> [PROBLEM REQUIREMENTS] In the listing below, the lines from the first through the one with "Context: $\mu(K_1,\dots,K_n)$ denotes" are to be copied word for word.

> [PROVIDED DATA]
(* Let $\mathcal{L}$ be a horizontal segment $EF$ of length $1$ in the plane, and let $\mathcal{R}$ be a rectangle with vertices $A,B,C,D$ in counterclockwise order, $|AB|=|CD|=\frac12$, $|BC|=|AD|=\frac14$, labelled so that, with $O_1$ the centre of $\mathcal{R}$, $A=O_1+\frac{\sqrt5}{8}(\cos\alpha,\sin\alpha)$ for some $\alpha\in[\theta_0,\theta_0+\pi)$, where $\theta_0=\arctan\frac12$. Then $\mu(\mathcal{L},\mathcal{R})\geq \frac{\sqrt5}{8}\sin\alpha$.
   Context: $\mu(K_1,\dots,K_n)$ denotes the area of the convex hull of $K_1\cup\dots\cup K_n$. (For any such rectangle exactly one labelling satisfying these conditions exists; then the vector $\overrightarrow{CA}$ has argument $\alpha$ and $\overrightarrow{CD}$ has argument $\alpha-\theta_0$.) *)

From HB Require Import structures.
From mathcomp Require Import all_boot all_order all_algebra.
From mathcomp Require Import all_classical all_reals all_analysis.
Set Implicit Arguments. Unset Strict Implicit. Unset Printing Implicit Defensive.
Import Order.TTheory GRing.Theory Num.Theory.
Local Open Scope classical_set_scope.
Local Open Scope ring_scope.

Section Defs.
Variable R : realType.
Definition pt := (R * R)%type.

Definition dist (P Q : pt) : R :=
  Num.sqrt ((P.1 - Q.1) ^+ 2 + (P.2 - Q.2) ^+ 2).

Definition chull (S : set pt) : set pt :=
  [set p | exists (n : nat) (w : 'I_n -> R) (x : 'I_n -> pt),
      (forall i, 0 <= w i) /\ \sum_(i < n) w i = 1 /\
      (forall i, S (x i)) /\
      p = (\sum_(i < n) w i * (x i).1, \sum_(i < n) w i * (x i).2)].
(* Let $P\subseteq\omega$ and let $p_0\ge p_1\ge p_2\ge\cdots$ be a sequence of $\mathbb C$-conditions with $\lim_s|p_s|=\infty$ which is 3-generic relative to $P$, and let $f=\bigcup_s\sigma^{p_s}:[\omega]^2\to 2$. Then $f\oplus P$ does not compute any set p-homogeneous for $f$.
   Context: $\mathbb C$ is the following notion of forcing. A condition is a triple $p=\langle\sigma^p,l^p,|p|\rangle$ where $|p|\in\omega$, $\sigma^p:[|p|]^2\to 2$, $l^p:|p|\to 2\times\omega$, and whenever $l^p(x)=\langle i,z\rangle$, $\sigma^p(x,y)$ is defined and $y\ge z$, then $\sigma^p(x,y)=i$. $q\le p$ if $|q|\ge|p|$, $\sigma^q\supseteq\sigma^p$, $l^q\supseteq l^p$. A descending sequence $(p_s)$ is 3-generic relative to $P$ if for every set $W$ of conditions that is $\Sigma^0_3$-definable in $P$, either some $p_s$ lies in $W$ or some $p_s$ has no extension in $W$. $f(x,y)$ means $f(\{x,y\})$ for $x<y$. $A\oplus B=\{2x:x\in A\}\cup\{2y+1:y\in B\}$. A set $H=H_L\oplus H_R$ with $H_L,H_R$ infinite is p-homogeneous for $f$ if $f(\{x,y\})$ is constant over $x\in H_L$, $y\in H_R$, $x\neq y$. *)

From Stdlib Require Import Arith List Bool.
Import ListNotations.

Definition b2n (b : bool) : nat := if b then 1 else 0.

Inductive prog : Type :=
| PZero : prog
| PSucc : prog
| PProj : nat -> prog
| POracle : prog
| PComp : prog -> list prog -> prog
| PRec : prog -> prog -> prog
| PMu : prog -> prog.

Inductive eval (X : nat -> bool) : prog -> list nat -> nat -> Prop :=
| eZero args : eval X PZero args 0
| eSucc x args : eval X PSucc (x :: args) (S x)
| eProj i args : i < length args -> eval X (PProj i) args (nth i args 0)
| eOracle x args : eval X POracle (x :: args) (b2n (X x))
| eComp f gs args vs v :
    evals X gs args vs -> eval X f vs v -> eval X (PComp f gs) args v
| eRec0 f g args v : eval X f args v -> eval X (PRec f g) (0 :: args) v
| eRecS f g n args r v :
    eval X (PRec f g) (n :: args) r -> eval X g (n :: r :: args) v ->
    eval X (PRec f g) (S n :: args) v
| eMu f args n :
    eval X f (n :: args) 0 ->
    (forall m, m < n -> exists k, eval X f (m :: args) (S k)) ->
    eval X (PMu f) args n
with evals (X : nat -> bool) : list prog -> list nat -> list nat -> Prop :=
| esNil args : evals X [] args []
| esCons g gs args v vs :
    eval X g args v -> evals X gs args vs -> evals X (g :: gs) args (v :: vs).
Theorem mainTheorem8 (R : realType) (V E : finType) (src dst : E -> V)
  (Phys : V -> finType) (Bnd : E -> finType)
  (Aten : forall v : V, Phys v -> Lcfg src dst Bnd v -> R[i])
  (mu : forall e : E, bool -> Kb Bnd e -> R[i])
  (A B : {set V})
  (oA : LPC Phys A -> LPC Phys A -> R[i])
  (oB : LPC Phys B -> LPC Phys B -> R[i]) :
  let O0 := op_id Phys in
  let OA := ext_op Phys A oA in
  let OB := ext_op Phys B oB in
  let OAB := op_mul Phys OA OB in
  let Z := Znw src dst Phys Bnd Aten in
  let ZBP := ZBP src dst Phys Bnd Aten mu in
  let expect := expect src dst Phys Bnd Aten in
  let CE := cluster_expansion src dst Phys Bnd Aten mu A B in
  simple_graph src dst ->
  0 < Z O0 ->
  BP_fixed_point src dst Phys Bnd Aten mu ->
  [disjoint A & B] ->
  ZBP O0 != 0 -> ZBP OA != 0 -> ZBP OB != 0 -> ZBP OAB != 0 ->
  expect OA != 0 -> expect OB != 0 ->
  CE O0 -> CE OA -> CE OB -> CE OAB ->
  exists T : R[i],
    ccvg (psum (conn_cl_AB src dst A B)
               (corr_term src dst Phys Bnd Aten mu OA OB)) T /\
    expect OAB - expect OA * expect OB
      = expect OA * expect OB * (cexp T - 1).
Proof.
move=> O0 OA OB OAB Z ZBP' expect' CE _ _ _ dAB nz0 nzA nzB nzAB _ _.
exact: connected_correlator.
Qed.
Lemma DS_diag_ens_le (rho sigma : 'M[C]_(dS * dB)) : is_density rho ->
  DS (diag_ens v rho) sigma <=
    \sum_j population v rho j * DS (ketbra (v j)) sigma.
Proof.
move=> rho_density; have rho_psd := rho_density.1.
rewrite /DS; set p := population v rho; set sg := ptraceB sigma.
have -> : ptraceB (diag_ens v rho) - sg =
          \sum_j (p j)%:C *: (ptraceB (ketbra (v j)) - sg).
  rewrite diag_ensE // ptraceB_sum.
  under [RHS]eq_bigr do rewrite scalerBr.
  rewrite sumrB -scaler_suml -rmorph_sum sum_population // rmorph1 scale1r.
  by under eq_bigr do rewrite ptraceBZ.
under [X in _ <= X]eq_bigr do rewrite mulrCA.
rewrite -mulr_sumr ler_wpM2l ?invr_ge0 ?ler0n //.
by apply: trnorm_convex => j; apply: population_ge0.
Qed.

Lemma DS_diag_ens_rho_mc_le (rho : 'M[C]_(dS * dB)) (M : {set 'I_(dS * dB)})
    (e : R) :
  is_density rho -> (0 < #|M|)%N -> 0 <= e ->
  (forall j, j \in M -> DS (ketbra (v j)) (rho_mc v M) <= e) ->
  DS (diag_ens v rho) (rho_mc v M) <= e + \sum_(j in ~: M) population v rho j.
Proof.
move=> rho_density M_gt0 e_ge0 eth.
apply: (le_trans (DS_diag_ens_le _ rho_density)).
apply: convex_comb_split_le => // [j||j].
- exact: population_ge0 rho_density.1.
- exact: sum_population.
- exact: DS_ketbra_rho_mc_le1.
Qed.

End Bipartite.
End DiagonalEnsemble.

Local Open Scope complex_scope.
Unset Implicit Arguments.
Local Notation q := (ncross%:R / (2 * nedges%:R) : R).

Lemma crosses01 x y : crosses x y * crosses x y = crosses x y.
Proof. by rewrite /crosses; case: ifP; rewrite ?mulr1 ?mulr0. Qed.

Lemma crosses_ge0 x y : 0 <= crosses x y.
Proof. by rewrite /crosses; case: ifP. Qed.

Lemma sum_cross_arcs (a : R) :
  \sum_y \sum_x (if e x y && ([set x; y] \in S) then a else 0) = a * ncross%:R.
Proof.
by rewrite exchange_big pair_big /= -big_mkcond /= sumr_const /ncross cardsE mulr_natr.
Qed.

Lemma cross_mass_stat : \sum_y push cross_kernel stat y = q.
Proof.
rewrite mulrC -sum_cross_arcs; apply: eq_bigr => y _; apply: eq_bigr => x _.
rewrite /cross_kernel /crosses /Defs.trans /Defs.stat.
case: (e x y); case: ([set x; y] \in S); rewrite /= ?mulr0 ?mul0r ?mulr1 //; try by rewrite mulr0.
by rewrite mulrAC mulfV ?mul1r // pnatr_eq0 -lt0n.
Qed.

(* After [T] steps each arc [(x, y)] is crossed with probability at most
   [(stat x + delta) / deg x <= 1 / (2 |E|) + delta]. *)
Lemma cross_mass_mixed mu g : (forall x, 0 <= mu x) -> (T <= g)%N ->
  \sum_y push cross_kernel (iter g step mu) y
  <= (\sum_b mu b) * ncross%:R * ((2 * nedges%:R)^-1 + delta).
Proof.
move=> mu0 Tg; rewrite -mulrA [ncross%:R * _]mulrC mulrA -sum_cross_arcs.
apply: ler_sum => y _; apply: ler_sum => x _.
have mass0 : 0 <= \sum_b mu b by apply: sumr_ge0.
have iter_le : iter g step mu x <= (\sum_b mu b) * (stat x + delta).
  rewrite iter_step_lin mulr_suml; apply: ler_sum => b _.
  exact/ler_wpM2l/mixed_after.
rewrite /cross_kernel /crosses /Defs.trans.
case: (e x y); case: ([set x; y] \in S); rewrite /= ?mulr0 ?mul0r ?mulr1 //; try by rewrite mulr0.
have deg_pos : 0 < (deg x)%:R :> R by rewrite ltr0n.
apply: le_trans (_ : (\sum_b mu b) * (stat x + delta) / (deg x)%:R <= _).
  by apply: ler_wpM2r; rewrite ?invr_ge0 ?ler0n.
rewrite -mulrA; apply: ler_wpM2l => //; rewrite mulrDl lerD //.
  by rewrite /Defs.stat mulrAC mulfV ?mul1r // gt_eqF.
by apply: ler_piMr; rewrite ?invf_le1 ?ler1n.
Qed.
Theorem corollary4p8 (R : realType) (p q : nat) (S L : {set Gpq p q}) :
  prime p -> prime q -> p != q ->
  spectral_pair R S L ->
  gcdn #|S| (p ^ 2 * q ^ 2) = p * q ->
  p * q < #|S| ->
  exists D : {set Z2 p},
    [/\ D != set0, D != setT & forall a : Z2 p, Sproj S a = q * (a \in D)].
Proof.
move=> p_pr q_pr p_neq_q spSL gcd_S S_gt.
have pq_S : p * q %| #|S| by rewrite -gcd_S dvdn_gcdl.
have p2_S := gcdn_sq_ndvd p_pr q_pr p_neq_q gcd_S.
have q2_S : ~~ (q ^ 2 %| #|S|).
  by apply: (gcdn_sq_ndvd q_pr p_pr); rewrite 1?eq_sym // mulnC gcd_S mulnC.
have Sproj_le a : Sproj S a <= q.
  by apply: (card_fiber_le _ _ _ (spectral_pair_sym _ _ spSL)); rewrite // -spSL.1.
have q_S : q %| #|S| := dvdn_trans (dvdn_mull p (dvdnn q)) pq_S.
have p_lt := card_proj_gt p_pr q_pr p_neq_q spSL q2_S S_gt.
have q_Sproj := dvdn_Sproj p_pr q_pr p_neq_q spSL q_S p_lt.
have Sproj_eq a : Sproj S a = q * (Sproj S a != 0).
  have [-> | Sproj_neq0] := eqVneq (Sproj S a) 0; first by rewrite muln0.
  by rewrite muln1; apply/eqP; rewrite eqn_leq Sproj_le dvdn_leq ?lt0n.
exists [set a | Sproj S a != 0]; split.
- apply: contraTneq S_gt => /setP D0; rewrite -leqNgt card_sum_fibers big1 // => a _.
  by apply/eqP/negbFE; have := D0 a; rewrite !inE.
- apply: contra p2_S => /eqP/setP DT; rewrite card_sum_fibers.
  rewrite (eq_bigr (fun _ => q)) => [|a _]; last first.
    by have := DT a; rewrite !inE => nz; rewrite [LHS]Sproj_eq nz muln1.
  by rewrite sum_nat_const card_prod !card_Zn ?prime_gt1 // mulnn dvdn_mulr.
- by move=> a; rewrite inE -Sproj_eq.
Qed.
(* Let $p\in W^{1,\infty}(\mathbb{R}^+\times\mathbb{R}^+)$ with $p\ge0$, let $\alpha:\mathbb{R}^+\to[0,\infty)$ be bounded and of bounded variation on $\mathbb{R}^+$, and let $(n^0_j)_{j\ge1}$ be nonnegative with $\|n^0\|_1<\infty$, $\|n^0\|_\infty<\infty$ and $TV(n^0)<\infty$. Then there exist $\tau_0>0$ and constants $C_1,C_2>0$, depending only on $p$, $\alpha$, $\|n^0\|_1$ and $\|n^0\|_\infty$, such that whenever $\Delta t\le\tau_0$ and the DDM CFL condition holds, the DDM upwind scheme satisfies for every $m\in\mathbb{N}$, with $T=m\Delta t$, $$TV(n^m)\le e^{C_1T}\,TV(n^0)+C_2\left(e^{C_1T}-1\right).$$
   Context: DDM upwind scheme: fix $\Delta s,\Delta t>0$; $s_j=(j-\tfrac12)\Delta s$, $j\in\{1,2,\dots\}$; $t^m=m\Delta t$; $\alpha_k=\alpha(t^k)$. For sequences, $\|u\|_1=\sum_{j\ge1}\Delta s|u_j|$, $\|u\|_\infty=\sup_j|u_j|$. Set $X^0=0$, $N^0=\sum_{j\ge1}\Delta s\,p(s_j,0)n^0_j$. For $m\ge0$: with $n^m_0:=N^m$, $n^{m+1}_j=n^m_j-\frac{\Delta t}{\Delta s}(n^m_j-n^m_{j-1})-\Delta t\,p(s_j,X^m)n^m_j$ for $j\ge1$; then $X^{m+1}\ge0$ is the (unique under the CFL condition) solution of $X^{m+1}=\frac{\Delta t}{2}\Big(\alpha_0\sum_{j\ge1}\Delta s\,p(s_j,X^{m+1})n^{m+1}_j+\sum_{k=0}^mN^k\alpha_{m+1-k}\Big)$ and $N^{m+1}=\sum_{j\ge1}\Delta s\,p(s_j,X^{m+1})n^{m+1}_j$. DDM CFL condition: $\Delta t<\min\Big\{\big(\frac1{\Delta s}+\|p\|_\infty\big)^{-1},\ \frac{2}{\alpha_0\|\partial_Xp\|_\infty\|n^0\|_1}\Big\}$ (second term $+\infty$ if its denominator vanishes). Discrete total variation including the boundary value: $TV(n^m)=\sum_{j\ge0}|n^m_{j+1}-n^m_j|$ with $n^m_0=N^m$. *)

From Stdlib Require Import Reals Lra.
From Coquelicot Require Import Coquelicot.
Open Scope R_scope.

(* sup_{s>=0, X>=0} |p(s,X)|  (= ||p||_oo for the continuous representative) *)
Definition p_sup (p : R -> R -> R) : Rbar :=
  Lub_Rbar (fun r => exists s x, 0 <= s /\ 0 <= x /\ r = Rabs (p s x)).
(* Let $\mathcal H$ be a separable complex Hilbert space, $A\in L(\mathcal H)^+$, $\mathcal S$ a closed subspace, $\mathcal N=\mathcal S\cap N(A)$, and $T\in L(\mathcal H)$ with $R(T)\subseteq\mathcal S$. Then $T$ is an $A$-projection into $\mathcal S$ if and only if $(A,\mathcal S)$ is compatible and $P_{\mathcal S\ominus\mathcal N}T=P_{A,\mathcal S\ominus\mathcal N}$.
   Context: $N(\cdot)$ is the nullspace, $\mathcal S\ominus\mathcal N=\mathcal S\cap\mathcal N^\perp$, $P_{\mathcal M}$ the orthogonal projection onto $\mathcal M$. $(A,\mathcal S)$ is compatible if there exists $Q\in L(\mathcal H)$ with $Q^2=Q$, $R(Q)=\mathcal S$, $AQ=Q^*A$. When $(A,\mathcal S)$ is compatible, $\mathcal H=(\mathcal S\ominus\mathcal N)\dotplus A(\mathcal S)^\perp$ and $P_{A,\mathcal S\ominus\mathcal N}$ denotes the (bounded) oblique projection with range $\mathcal S\ominus\mathcal N$ and nullspace $A(\mathcal S)^\perp$. With $\|z\|_A=\langle Az,z\rangle^{1/2}$, $T$ is an $A$-projection into $\mathcal S$ if $R(T)\subseteq\mathcal S$ and $\|y-Ty\|_A\le\|y-s\|_A$ for all $y\in\mathcal H$, $s\in\mathcal S$. *)

From HB Require Import structures.
From mathcomp Require Import all_boot all_order all_algebra.
From mathcomp Require Import reals.
From mathcomp Require Export complex.
Set Implicit Arguments. Unset Strict Implicit. Unset Printing Implicit Defensive.
Import Order.TTheory GRing.Theory Num.Theory.
Local Open Scope ring_scope.

Section Hilbert.
Variables (R : realType) (V : lmodType R[i]) (ip : V -> V -> R[i]).
(* Let $K$ be a field. For arbitrary integers $r \geq 1$ and $s \geq 1$, there exist an integer $n$ and a monomial ideal $I$ of the polynomial ring $S = K[x_1, \ldots, x_n]$ (with each $\deg x_i = 1$) such that $\operatorname{reg}(S/I) = r$ and $\deg h_{S/I}(\lambda) = s$.
   Context: For a homogeneous ideal $I$ of $S = K[x_1,\ldots,x_n]$ (standard grading) with $\dim S/I = d$, the Hilbert series of $S/I$ can be written uniquely as $H_{S/I}(\lambda) = h_{S/I}(\lambda)/(1-\lambda)^d$ with $h_{S/I}(\lambda) = h_0 + h_1\lambda + \cdots + h_s\lambda^s \in \mathbb{Z}[\lambda]$, $h_s \neq 0$; $h_{S/I}(\lambda)$ is called the $h$-polynomial of $S/I$. $\operatorname{reg}(S/I)$ denotes the Castelnuovo--Mumford regularity of $S/I$. *)

From HB Require Import structures.
From mathcomp Require Import all_boot all_order all_algebra.
Set Implicit Arguments. Unset Strict Implicit. Unset Printing Implicit Defensive.
Import Order.TTheory GRing.Theory Num.Theory.
Local Open Scope ring_scope.

(* A monomial x^a of S = K[x_1..x_n] is encoded by its exponent vector
   a : {ffun 'I_n -> nat}.  A monomial ideal I of S is encoded by a finite
   list G of monomial generators (every monomial ideal is finitely
   generated, Dickson's lemma).  The monomial x^a lies in I = (G) iff some
   generator divides it. *)
Definition expvec (n : nat) := {ffun 'I_n -> nat}.

Definition mdivides n (g a : expvec n) : bool := [forall i, (g i <= a i)%N].

Definition in_mideal n (G : seq (expvec n)) (a : expvec n) : bool :=
  has (fun g => mdivides g a) G.

Definition mdeg n (a : expvec n) : nat := (\sum_(i < n) a i)%N.

(* dim_K (S/I)_k = number of monomials of degree k not in I
   (the standard monomials form a K-basis of S/I). *)
Definition hilbf n (G : seq (expvec n)) (k : nat) : nat :=
  #|[set a : {ffun 'I_n -> 'I_k.+1} |
      ((\sum_(i < n) (a i : nat))%N == k) &&
      ~~ in_mideal G [ffun i => (a i : nat)]]|.

(* Krull dimension of S/I for a monomial ideal I: the largest #|F| such that
   the monomial prime (x_i : i \notin F) contains I, i.e. no generator of I
   is supported inside F. *)
Definition mindep n (G : seq (expvec n)) (F : {set 'I_n}) : bool :=
  ~~ has (fun g : expvec n => [forall i, (0 < g i)%N ==> (i \in F)]) G.

Definition krull_dim n (G : seq (expvec n)) (d : nat) : Prop :=
  (exists F : {set 'I_n}, mindep G F /\ #|F| = d) /\
  (forall F : {set 'I_n}, mindep G F -> (#|F| <= d)%N).

(* h is the h-polynomial of S/I: with d = dim S/I,
   H_{S/I}(lambda) * (1 - lambda)^d = h(lambda) as formal power series,
   i.e. h_m = \sum_{j <= min(m,d)} (-1)^j C(d,j) H(S/I, m - j) for all m. *)
Definition is_hpoly n (G : seq (expvec n)) (h : {poly int}) : Prop :=
  exists d : nat, krull_dim G d /\
    forall m : nat,
      h`_m = \sum_(j < (minn m d).+1)
               (-1) ^+ j * ('C(d, j))%:Z * (hilbf G (m - j)%N)%:Z.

> [SOLUTION TO THIS TASK]
(* Let $\mathcal{L}$ be a horizontal segment $EF$ of length $1$ in the plane, and let $\mathcal{R}$ be a rectangle with vertices $A,B,C,D$ in counterclockwise order, $|AB|=|CD|=\frac12$, $|BC|=|AD|=\frac14$, labelled so that, with $O_1$ the centre of $\mathcal{R}$, $A=O_1+\frac{\sqrt5}{8}(\cos\alpha,\sin\alpha)$ for some $\alpha\in[\theta_0,\theta_0+\pi)$, where $\theta_0=\arctan\frac12$. Then $\mu(\mathcal{L},\mathcal{R})\geq \frac{\sqrt5}{8}\sin\alpha$.
   Context: $\mu(K_1,\dots,K_n)$ denotes the area of the convex hull of $K_1\cup\dots\cup K_n$. (For any such rectangle exactly one labelling satisfying these conditions exists; then the vector $\overrightarrow{CA}$ has argument $\alpha$ and $\overrightarrow{CD}$ has argument $\alpha-\theta_0$.) *)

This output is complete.